Shake flasks are familiar in biopharmaceutical development laboratories and production seed-train work. This established technology provides less shear than stirred systems and compares favorably with microplates, tubes, and cultivation bags. But without sensors, their culture conditions can seem like a “black box,” especially compared with bioreactors that have integrated electrodes and electrochemical probes. PreSens SFR vario sensors measure pH and DO into shake-flask cultures, providing valuable information with no need to draw samples or modify existing equipment.

The device fits in all commercially available shakers and comes with software that can control up to four devices at a time. Flasks with sensor spots (one for pH, one for DO) are aligned atop an optical device that shines a pulse of excitation light, to which the sensor spots react by emitting fluorescent light depending on analyte concentration. A change in pH or O2 concentration changes either fluorescence intensity or period, which the detector measures, taking a reading in about 200 ms, allowing one reading per second.

Biomass is a light-scattering measurement at 560 nm. Fluid height varies as flasks are shaken, so an integrated G-force sensor ensures that the optical density reading is always triggered at the same fluid height. It is unaffected by changes in shaking speed.

The battery-powered SFR vario system is wireless, with Bluetooth data communication. For very long measurements, users can switch out rechargeable batteries without stopping measurements. PreSens offers disposable shake flasks with integrated sensors and an autoclavable version with reusable oxygen sensors.
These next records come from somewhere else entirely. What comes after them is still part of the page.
Lemma inner_zerol z : inner (@vzero V) z = 0.
Proof. have h := inner_addl vzero vzero z. rewrite vadd_zero in h. lra. Qed.
Lemma inner_oppl x z : inner (vopp x) z = - inner x z.
Proof. have h := inner_addl x (vopp x) z. rewrite vadd_opp inner_zerol in h. lra. Qed.
Lemma inner_subl x y z : inner (vsub x y) z = inner x z - inner y z.
Proof. unfold vsub. rewrite inner_addl inner_oppl. ring. Qed.
Lemma inner_addr x y z : inner z (vadd x y) = inner z x + inner z y.
Proof. rewrite !(inner_sym z). apply inner_addl. Qed.
Lemma inner_scalr a x y : inner y (vscal a x) = a * inner y x.
Proof. rewrite !(inner_sym y). apply inner_scall. Qed.
Lemma inner_zeror z : inner z (@vzero V) = 0.
Proof. rewrite inner_sym. apply inner_zerol. Qed.
Lemma inner_oppr x z : inner z (vopp x) = - inner z x.
Proof. rewrite !(inner_sym z). apply inner_oppl. Qed.
Lemma inner_subr x y z : inner z (vsub x y) = inner z x - inner z y.
Proof. rewrite !(inner_sym z). apply inner_subl. Qed.

(* Vectors are determined by their inner products; this reduces every vector
   identity to an identity between real numbers. *)
Lemma vext x y : (forall z, inner x z = inner y z) -> x = y.
Proof.
  intro h.
  have hxy : vsub x y = vzero.
  { apply inner_def. rewrite inner_subl (h (vsub x y)). ring. }
  have ex : x = vadd (vsub x y) y.
  { unfold vsub. rewrite -vadd_assoc (vadd_comm (vopp y) y) vadd_opp vadd_zero. reflexivity. }
  rewrite ex hxy vadd_comm vadd_zero. reflexivity.
Qed.
End HilbertAlgebra.

Ltac vsimpl := repeat (rewrite ?inner_addl ?inner_scall ?inner_oppl ?inner_subl ?inner_zerol
   ?inner_addr ?inner_scalr ?inner_oppr ?inner_subr ?inner_zeror).
Ltac vring := apply vext; let z := fresh "z" in intro z; vsimpl; first [ring | field].

Section Norms.
Context {V : HSpace}.
Implicit Types (x y z : V) (a : R).

Lemma norm_sq x : norm x ^ 2 = inner x x.
Proof. unfold norm. rewrite pow2_sqrt; [reflexivity | apply inner_pos]. Qed.
Lemma norm_nonneg x : 0 <= norm x.
Proof. unfold norm. apply sqrt_pos. Qed.

Lemma sq_le_le (r s : R) : 0 <= s -> r ^ 2 <= s ^ 2 -> r <= s.
Proof. intros hs h. destruct (Rle_lt_dec r s); auto. nra. Qed.
Lemma sq_lt_lt (r s : R) : 0 <= s -> r ^ 2 < s ^ 2 -> r < s.
Proof. intros hs h. destruct (Rlt_le_dec r s); auto. nra. Qed.

Lemma cauchy_schwarz x y : Rabs (inner x y) <= norm x * norm y.
Proof.
  have key : inner x y ^ 2 <= inner x x * inner y y.
  { destruct (Req_dec (inner y y) 0) as [e|e].
    - have -> : y = vzero by apply inner_def. rewrite !inner_zeror. lra.
    - have p := inner_pos (vsub (vscal (inner y y) x) (vscal (inner x y) y)).
      revert p; vsimpl; rewrite (inner_sym y x); intro p.
      have py := inner_pos y.
      have : inner y y * (inner y y * inner x x - inner x y ^ 2) >= 0 by nra.
      nra. }
  rewrite -(norm_sq x) -(norm_sq y) in key.
  have nx := norm_nonneg x. have ny := norm_nonneg y.
  apply sq_le_le; [apply Rmult_le_pos; lra|].
  rewrite RPow_abs Rabs_right; [nra | apply Rle_ge, pow2_ge_0].
Qed.

Lemma inner_le x y : inner x y <= norm x * norm y.
Proof. have h := cauchy_schwarz x y. have := Rle_abs (inner x y). lra. Qed.
Lemma inner_ge x y : - (norm x * norm y) <= inner x y.
Proof.
  have h := cauchy_schwarz x y. have h2 := Rle_abs (- inner x y).
  rewrite Rabs_Ropp in h2. lra.
Qed.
Fischer provided examples of some animal-cell and yeast culture applications. In one experiment, a 1-L shake flask was used with different culture volumes and a constant shaking speed. At a relatively high volume (500 mL), the DO concentration fell after about 40 hours of cultivation because of low aeration. Lower filling volumes allow for better aeration. Results showed spikes that represented severe effects of stopping the cultures to draw samples. At a German university, another team used the SFR vario system to monitor pH of a Chinese hamster ovary (CHO) cell culture in a CO2 incubator. Every time someone opened the incubator door, the loss of atmosphere affected the culture pH. But online measurements allowed monitoring of the cultures without opening that door to take samples.

A team at Roche used the system with a CHO culture to monitor and maintain DO concentrations and pH values within specified ranges. This team’s control methods were simply adjusting the shaking speed or CO2 concentration. Higher shaking speeds provide better aeration and thus higher DO concentrations. And of course, pH changes with the partial pressure of CO2 in an incubator. The team never draw samples in this experiment.

A biomass-monitoring example involved dioxide metabolism of Escherichia coli with glucose and lactose monohydrates. The bacteria digested glucose first, and after that was exhausted, the biomass increased as they changed their metabolism from glucose to lactose. Again, drawing samples caused spikes in the DO curve. With a yeast culture, glucose metabolism produced exponential growth, which slowed to linear growth when the microbes switched over to lactose metabolism. DO values decreased as biomass increased, then when no feed was left, growth came to a full stop.